◆ Activity: Nothing but the lines from the one containing "Lemma card_coset_union0 q" through the one containing "have z_notin : z", both included, should be given again, each exactly as written below.

◆ Items from a data source:
____
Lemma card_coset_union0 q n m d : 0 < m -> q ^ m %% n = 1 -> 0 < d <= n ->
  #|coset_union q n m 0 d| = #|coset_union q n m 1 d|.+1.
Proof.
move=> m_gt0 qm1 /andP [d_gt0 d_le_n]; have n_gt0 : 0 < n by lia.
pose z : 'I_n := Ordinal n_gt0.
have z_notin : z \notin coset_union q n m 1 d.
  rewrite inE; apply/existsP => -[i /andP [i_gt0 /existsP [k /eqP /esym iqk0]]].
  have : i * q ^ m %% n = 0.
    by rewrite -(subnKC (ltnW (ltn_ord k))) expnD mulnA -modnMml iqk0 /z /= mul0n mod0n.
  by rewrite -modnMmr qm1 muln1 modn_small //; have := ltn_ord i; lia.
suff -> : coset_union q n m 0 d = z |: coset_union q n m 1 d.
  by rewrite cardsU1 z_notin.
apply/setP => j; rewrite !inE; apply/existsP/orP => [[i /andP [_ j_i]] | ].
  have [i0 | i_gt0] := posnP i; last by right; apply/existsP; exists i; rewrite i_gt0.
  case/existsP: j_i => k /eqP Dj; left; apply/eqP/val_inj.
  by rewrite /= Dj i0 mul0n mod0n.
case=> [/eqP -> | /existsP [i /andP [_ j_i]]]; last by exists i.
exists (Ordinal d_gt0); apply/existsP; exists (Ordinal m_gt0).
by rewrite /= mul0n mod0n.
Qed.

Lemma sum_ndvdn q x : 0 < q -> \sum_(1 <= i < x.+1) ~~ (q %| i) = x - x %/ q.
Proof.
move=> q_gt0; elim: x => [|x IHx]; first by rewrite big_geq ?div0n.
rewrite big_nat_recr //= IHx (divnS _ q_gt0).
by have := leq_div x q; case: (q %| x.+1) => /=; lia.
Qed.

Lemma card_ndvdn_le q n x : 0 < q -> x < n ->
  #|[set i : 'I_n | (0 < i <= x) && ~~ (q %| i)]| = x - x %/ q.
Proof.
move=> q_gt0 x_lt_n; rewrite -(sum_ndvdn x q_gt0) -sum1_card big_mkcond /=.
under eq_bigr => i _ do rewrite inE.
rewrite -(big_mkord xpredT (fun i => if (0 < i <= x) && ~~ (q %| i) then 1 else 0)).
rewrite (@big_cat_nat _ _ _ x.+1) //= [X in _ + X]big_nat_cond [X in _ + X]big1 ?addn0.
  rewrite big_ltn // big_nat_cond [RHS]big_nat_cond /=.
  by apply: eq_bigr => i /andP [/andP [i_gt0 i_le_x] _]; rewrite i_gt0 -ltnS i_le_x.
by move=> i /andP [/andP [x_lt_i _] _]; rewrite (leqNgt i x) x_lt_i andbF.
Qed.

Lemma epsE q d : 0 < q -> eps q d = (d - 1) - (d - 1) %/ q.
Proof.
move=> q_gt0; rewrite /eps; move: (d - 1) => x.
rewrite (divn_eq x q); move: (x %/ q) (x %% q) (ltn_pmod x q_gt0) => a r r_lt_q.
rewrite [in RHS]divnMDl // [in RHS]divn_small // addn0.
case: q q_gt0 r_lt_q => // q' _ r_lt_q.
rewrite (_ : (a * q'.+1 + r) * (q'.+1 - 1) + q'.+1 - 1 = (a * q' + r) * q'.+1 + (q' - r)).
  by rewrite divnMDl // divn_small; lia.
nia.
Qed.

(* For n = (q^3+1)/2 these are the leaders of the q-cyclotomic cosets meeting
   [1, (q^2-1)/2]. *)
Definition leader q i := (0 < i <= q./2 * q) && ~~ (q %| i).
____
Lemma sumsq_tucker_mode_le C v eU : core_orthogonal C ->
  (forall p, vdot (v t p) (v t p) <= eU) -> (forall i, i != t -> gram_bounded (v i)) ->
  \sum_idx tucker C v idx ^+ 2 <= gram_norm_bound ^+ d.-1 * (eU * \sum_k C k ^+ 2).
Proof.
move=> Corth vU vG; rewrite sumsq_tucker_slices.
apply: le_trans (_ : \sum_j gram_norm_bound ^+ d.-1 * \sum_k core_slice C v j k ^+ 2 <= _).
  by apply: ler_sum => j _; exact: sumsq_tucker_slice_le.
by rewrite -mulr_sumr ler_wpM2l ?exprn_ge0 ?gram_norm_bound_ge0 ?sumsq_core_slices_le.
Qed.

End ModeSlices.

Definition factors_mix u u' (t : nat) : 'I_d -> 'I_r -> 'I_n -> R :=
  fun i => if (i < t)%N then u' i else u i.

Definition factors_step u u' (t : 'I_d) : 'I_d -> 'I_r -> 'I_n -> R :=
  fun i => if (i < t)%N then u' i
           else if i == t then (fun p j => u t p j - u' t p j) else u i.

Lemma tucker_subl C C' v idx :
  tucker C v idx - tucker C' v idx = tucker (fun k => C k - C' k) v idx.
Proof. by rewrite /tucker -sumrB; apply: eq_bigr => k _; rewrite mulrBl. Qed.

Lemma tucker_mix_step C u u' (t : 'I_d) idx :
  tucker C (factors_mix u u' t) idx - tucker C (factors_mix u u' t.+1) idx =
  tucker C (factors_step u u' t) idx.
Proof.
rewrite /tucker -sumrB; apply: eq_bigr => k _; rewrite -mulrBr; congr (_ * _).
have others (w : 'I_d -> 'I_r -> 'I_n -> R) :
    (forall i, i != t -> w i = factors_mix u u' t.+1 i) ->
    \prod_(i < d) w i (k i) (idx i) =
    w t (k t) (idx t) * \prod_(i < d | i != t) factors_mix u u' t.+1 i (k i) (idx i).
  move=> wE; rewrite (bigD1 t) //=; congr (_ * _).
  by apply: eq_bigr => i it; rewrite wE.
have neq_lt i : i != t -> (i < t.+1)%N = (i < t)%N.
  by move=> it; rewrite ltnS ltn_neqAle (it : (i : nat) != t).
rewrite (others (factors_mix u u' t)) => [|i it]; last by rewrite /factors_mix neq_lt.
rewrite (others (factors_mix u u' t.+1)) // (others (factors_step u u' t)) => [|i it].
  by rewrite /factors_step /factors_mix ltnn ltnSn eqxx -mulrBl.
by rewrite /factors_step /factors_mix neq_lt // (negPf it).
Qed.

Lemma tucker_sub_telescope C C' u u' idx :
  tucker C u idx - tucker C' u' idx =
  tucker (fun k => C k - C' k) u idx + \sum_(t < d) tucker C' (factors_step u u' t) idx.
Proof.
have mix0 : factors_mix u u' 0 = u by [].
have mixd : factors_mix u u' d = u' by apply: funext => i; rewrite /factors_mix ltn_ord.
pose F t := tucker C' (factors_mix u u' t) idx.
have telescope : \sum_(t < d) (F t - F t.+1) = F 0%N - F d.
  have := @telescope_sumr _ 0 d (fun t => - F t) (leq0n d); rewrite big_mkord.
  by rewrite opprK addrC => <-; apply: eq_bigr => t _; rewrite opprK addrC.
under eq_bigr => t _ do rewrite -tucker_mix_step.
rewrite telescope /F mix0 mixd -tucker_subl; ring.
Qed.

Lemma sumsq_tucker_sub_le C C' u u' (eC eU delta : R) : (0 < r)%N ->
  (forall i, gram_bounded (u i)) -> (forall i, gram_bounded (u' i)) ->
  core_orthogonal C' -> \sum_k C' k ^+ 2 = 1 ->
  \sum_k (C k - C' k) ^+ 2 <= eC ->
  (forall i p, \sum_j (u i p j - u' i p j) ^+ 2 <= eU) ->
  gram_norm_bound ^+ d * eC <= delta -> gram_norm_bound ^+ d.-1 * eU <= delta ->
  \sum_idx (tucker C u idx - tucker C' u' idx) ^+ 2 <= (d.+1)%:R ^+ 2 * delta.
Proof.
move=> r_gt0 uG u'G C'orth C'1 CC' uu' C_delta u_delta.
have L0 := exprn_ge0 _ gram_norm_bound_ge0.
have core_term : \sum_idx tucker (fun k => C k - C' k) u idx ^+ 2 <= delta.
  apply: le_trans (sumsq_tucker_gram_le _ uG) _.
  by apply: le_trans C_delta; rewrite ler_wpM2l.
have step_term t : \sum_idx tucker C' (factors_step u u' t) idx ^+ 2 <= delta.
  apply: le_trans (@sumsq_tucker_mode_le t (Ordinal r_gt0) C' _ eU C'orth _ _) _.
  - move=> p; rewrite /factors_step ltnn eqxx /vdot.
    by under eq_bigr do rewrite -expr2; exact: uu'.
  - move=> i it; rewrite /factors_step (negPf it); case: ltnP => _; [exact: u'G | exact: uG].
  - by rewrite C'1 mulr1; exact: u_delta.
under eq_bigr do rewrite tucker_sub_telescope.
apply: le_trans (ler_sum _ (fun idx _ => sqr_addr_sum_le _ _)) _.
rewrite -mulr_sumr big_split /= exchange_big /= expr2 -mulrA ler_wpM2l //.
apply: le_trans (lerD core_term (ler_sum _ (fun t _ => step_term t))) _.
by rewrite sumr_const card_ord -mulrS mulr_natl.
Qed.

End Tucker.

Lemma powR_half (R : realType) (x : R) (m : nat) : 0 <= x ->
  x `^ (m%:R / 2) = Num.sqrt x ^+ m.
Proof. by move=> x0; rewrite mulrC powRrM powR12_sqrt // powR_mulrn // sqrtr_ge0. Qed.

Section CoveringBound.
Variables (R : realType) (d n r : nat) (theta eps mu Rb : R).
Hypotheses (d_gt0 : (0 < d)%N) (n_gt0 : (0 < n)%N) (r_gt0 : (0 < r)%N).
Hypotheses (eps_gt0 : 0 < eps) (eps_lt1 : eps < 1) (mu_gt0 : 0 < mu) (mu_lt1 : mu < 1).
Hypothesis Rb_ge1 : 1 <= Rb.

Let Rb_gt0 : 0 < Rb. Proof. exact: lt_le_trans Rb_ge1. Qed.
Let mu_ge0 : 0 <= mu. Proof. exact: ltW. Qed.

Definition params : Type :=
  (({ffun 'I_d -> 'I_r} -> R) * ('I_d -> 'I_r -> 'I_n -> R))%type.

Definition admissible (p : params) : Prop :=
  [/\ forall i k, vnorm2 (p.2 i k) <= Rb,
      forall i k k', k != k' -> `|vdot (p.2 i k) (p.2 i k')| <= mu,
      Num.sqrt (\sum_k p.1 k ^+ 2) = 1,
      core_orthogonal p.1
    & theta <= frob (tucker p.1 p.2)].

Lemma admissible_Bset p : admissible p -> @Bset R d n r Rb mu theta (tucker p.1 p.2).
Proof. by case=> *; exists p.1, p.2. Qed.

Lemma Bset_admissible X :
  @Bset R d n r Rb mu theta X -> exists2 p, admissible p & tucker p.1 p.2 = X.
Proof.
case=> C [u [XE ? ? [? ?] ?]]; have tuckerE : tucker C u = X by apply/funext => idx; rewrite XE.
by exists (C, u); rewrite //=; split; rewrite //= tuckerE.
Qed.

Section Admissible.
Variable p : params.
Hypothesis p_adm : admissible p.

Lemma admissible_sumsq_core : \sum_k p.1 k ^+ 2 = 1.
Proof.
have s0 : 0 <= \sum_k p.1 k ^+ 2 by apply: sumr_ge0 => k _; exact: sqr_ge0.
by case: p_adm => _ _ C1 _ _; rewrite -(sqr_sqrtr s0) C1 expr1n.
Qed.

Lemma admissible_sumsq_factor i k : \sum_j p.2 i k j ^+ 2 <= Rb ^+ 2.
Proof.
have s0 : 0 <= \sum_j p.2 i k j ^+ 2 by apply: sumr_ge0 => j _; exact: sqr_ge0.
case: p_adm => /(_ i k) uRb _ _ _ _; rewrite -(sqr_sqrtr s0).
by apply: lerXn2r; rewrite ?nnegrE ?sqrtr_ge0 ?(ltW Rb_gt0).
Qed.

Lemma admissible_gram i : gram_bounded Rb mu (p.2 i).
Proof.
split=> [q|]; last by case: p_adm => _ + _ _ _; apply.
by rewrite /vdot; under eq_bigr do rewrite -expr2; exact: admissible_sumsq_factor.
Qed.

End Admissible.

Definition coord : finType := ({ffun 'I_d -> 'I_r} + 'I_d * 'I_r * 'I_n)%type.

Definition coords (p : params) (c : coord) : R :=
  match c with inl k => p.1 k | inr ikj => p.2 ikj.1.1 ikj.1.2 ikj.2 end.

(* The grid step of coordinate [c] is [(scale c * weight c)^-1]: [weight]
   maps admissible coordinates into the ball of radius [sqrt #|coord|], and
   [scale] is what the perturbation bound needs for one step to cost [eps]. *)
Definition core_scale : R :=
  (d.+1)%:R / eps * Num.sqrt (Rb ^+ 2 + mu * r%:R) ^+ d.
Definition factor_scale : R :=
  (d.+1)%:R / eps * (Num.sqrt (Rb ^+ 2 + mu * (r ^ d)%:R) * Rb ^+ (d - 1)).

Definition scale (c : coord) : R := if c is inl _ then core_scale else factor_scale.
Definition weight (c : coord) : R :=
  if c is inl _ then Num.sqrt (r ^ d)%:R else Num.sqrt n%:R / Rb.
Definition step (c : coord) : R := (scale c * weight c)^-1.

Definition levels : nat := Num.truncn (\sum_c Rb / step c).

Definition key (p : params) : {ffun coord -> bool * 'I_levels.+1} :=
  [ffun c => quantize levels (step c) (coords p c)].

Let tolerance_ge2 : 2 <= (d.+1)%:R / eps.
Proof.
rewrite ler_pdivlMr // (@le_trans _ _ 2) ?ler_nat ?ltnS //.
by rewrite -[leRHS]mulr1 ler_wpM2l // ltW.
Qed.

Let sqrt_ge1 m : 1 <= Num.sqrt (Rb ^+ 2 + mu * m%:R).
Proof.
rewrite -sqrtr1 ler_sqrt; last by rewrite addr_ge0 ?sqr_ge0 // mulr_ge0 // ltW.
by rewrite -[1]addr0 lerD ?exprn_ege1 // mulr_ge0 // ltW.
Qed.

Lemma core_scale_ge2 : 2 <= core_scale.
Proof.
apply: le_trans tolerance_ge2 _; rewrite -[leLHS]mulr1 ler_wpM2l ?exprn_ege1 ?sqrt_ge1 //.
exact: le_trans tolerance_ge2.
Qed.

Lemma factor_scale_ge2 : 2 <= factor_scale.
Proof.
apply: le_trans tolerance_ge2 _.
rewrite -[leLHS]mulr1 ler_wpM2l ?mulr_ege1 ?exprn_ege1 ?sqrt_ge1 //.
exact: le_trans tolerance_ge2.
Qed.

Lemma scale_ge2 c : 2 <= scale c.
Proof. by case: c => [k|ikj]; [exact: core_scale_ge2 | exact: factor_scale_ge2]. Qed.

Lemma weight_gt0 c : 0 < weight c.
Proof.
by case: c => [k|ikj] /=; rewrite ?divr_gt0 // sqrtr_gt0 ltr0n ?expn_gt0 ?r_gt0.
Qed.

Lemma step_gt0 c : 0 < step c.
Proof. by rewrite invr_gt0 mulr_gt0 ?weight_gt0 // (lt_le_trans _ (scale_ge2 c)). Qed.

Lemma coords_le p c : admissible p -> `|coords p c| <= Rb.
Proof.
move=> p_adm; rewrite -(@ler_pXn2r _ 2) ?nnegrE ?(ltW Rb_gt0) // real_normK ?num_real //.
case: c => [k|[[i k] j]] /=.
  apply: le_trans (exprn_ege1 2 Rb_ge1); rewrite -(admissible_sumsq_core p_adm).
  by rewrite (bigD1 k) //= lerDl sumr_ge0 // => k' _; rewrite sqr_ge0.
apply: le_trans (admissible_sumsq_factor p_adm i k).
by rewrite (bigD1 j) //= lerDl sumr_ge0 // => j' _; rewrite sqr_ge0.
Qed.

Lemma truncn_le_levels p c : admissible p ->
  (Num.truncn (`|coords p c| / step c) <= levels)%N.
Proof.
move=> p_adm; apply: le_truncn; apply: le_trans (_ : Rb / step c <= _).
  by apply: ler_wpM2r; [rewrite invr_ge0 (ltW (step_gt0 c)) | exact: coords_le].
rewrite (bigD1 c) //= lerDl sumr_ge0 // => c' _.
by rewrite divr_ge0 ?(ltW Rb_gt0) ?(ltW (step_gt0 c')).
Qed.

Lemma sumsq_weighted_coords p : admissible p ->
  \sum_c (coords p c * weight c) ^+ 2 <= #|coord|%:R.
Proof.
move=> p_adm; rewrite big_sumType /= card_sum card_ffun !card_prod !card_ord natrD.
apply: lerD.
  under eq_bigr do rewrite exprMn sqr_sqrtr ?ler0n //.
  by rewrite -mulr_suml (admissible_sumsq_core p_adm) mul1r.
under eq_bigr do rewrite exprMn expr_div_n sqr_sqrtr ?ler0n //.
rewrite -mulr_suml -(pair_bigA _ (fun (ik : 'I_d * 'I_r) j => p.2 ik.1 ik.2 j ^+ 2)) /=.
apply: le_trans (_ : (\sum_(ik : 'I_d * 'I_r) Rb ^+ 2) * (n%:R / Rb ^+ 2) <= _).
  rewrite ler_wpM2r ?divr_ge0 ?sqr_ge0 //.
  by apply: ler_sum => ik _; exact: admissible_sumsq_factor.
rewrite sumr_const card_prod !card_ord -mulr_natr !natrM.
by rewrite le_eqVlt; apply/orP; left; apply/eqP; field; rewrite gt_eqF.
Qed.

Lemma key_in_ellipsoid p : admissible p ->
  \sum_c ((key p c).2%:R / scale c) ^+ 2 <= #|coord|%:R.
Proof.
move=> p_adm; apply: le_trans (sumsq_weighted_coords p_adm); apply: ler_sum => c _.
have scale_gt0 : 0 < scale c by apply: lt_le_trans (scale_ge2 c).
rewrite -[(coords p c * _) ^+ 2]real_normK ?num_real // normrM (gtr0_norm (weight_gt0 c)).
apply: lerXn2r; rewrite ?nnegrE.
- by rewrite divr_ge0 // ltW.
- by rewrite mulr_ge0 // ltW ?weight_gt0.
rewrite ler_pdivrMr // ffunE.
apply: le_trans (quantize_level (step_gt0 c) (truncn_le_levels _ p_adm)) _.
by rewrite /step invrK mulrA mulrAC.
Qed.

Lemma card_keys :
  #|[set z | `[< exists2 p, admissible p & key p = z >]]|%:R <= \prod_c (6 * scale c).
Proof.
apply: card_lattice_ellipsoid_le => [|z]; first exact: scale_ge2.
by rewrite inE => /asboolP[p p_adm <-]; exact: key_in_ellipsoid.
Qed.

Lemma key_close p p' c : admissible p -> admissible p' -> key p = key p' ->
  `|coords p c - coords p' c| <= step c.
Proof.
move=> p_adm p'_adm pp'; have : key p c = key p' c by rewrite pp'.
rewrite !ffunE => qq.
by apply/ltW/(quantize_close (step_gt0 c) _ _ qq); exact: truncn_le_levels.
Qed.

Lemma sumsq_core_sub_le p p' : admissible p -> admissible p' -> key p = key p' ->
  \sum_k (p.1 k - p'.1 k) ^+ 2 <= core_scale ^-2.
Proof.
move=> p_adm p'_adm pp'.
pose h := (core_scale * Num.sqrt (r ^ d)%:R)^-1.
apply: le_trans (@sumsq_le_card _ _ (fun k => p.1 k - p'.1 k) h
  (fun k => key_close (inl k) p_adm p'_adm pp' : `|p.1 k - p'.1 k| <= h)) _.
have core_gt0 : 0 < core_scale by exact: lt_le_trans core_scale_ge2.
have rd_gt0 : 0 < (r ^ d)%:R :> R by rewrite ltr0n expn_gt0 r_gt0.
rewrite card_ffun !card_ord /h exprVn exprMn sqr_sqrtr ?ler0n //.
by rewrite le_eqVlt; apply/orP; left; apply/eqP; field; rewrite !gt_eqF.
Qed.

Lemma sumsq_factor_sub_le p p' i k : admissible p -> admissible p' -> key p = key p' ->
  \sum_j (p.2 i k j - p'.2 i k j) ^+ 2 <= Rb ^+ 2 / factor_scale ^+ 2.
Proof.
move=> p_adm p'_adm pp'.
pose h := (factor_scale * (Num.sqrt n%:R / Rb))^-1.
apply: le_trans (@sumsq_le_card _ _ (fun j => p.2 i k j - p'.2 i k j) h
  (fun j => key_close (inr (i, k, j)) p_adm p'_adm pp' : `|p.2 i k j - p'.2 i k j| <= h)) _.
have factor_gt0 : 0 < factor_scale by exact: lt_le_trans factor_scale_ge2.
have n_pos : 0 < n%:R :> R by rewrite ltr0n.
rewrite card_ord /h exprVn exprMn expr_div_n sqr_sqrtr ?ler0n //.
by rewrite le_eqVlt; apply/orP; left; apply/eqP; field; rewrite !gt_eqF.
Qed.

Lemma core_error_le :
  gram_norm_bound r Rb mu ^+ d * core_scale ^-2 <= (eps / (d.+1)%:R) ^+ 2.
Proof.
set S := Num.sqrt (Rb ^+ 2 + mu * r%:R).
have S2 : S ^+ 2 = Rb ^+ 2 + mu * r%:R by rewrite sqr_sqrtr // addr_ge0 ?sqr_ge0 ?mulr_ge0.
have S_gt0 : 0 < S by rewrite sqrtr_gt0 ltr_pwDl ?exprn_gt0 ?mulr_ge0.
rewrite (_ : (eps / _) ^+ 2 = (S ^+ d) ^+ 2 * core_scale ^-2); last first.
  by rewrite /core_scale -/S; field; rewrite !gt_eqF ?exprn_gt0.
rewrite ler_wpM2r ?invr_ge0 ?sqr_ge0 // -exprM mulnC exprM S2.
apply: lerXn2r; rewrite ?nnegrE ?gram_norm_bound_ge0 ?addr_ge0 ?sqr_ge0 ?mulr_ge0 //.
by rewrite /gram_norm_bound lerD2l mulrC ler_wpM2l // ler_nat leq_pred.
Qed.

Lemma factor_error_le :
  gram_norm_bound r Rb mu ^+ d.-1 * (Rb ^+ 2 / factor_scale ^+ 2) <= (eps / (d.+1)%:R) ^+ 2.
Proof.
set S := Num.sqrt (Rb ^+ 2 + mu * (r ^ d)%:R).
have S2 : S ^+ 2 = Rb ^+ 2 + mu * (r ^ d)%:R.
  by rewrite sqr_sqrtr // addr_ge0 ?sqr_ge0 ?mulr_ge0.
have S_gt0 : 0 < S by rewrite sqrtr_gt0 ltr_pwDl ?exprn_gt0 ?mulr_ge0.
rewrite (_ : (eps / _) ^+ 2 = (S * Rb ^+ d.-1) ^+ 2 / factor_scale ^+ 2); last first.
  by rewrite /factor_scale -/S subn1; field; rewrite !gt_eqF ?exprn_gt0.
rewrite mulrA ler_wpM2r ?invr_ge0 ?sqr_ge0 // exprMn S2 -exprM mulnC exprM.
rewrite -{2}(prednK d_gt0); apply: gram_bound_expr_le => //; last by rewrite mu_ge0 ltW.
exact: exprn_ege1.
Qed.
____
◆ Solution:
Lemma card_coset_union0 q n m d : 0 < m -> q ^ m %% n = 1 -> 0 < d <= n ->
  #|coset_union q n m 0 d| = #|coset_union q n m 1 d|.+1.
Proof.
move=> m_gt0 qm1 /andP [d_gt0 d_le_n]; have n_gt0 : 0 < n by lia.
pose z : 'I_n := Ordinal n_gt0.
have z_notin : z \notin coset_union q n m 1 d.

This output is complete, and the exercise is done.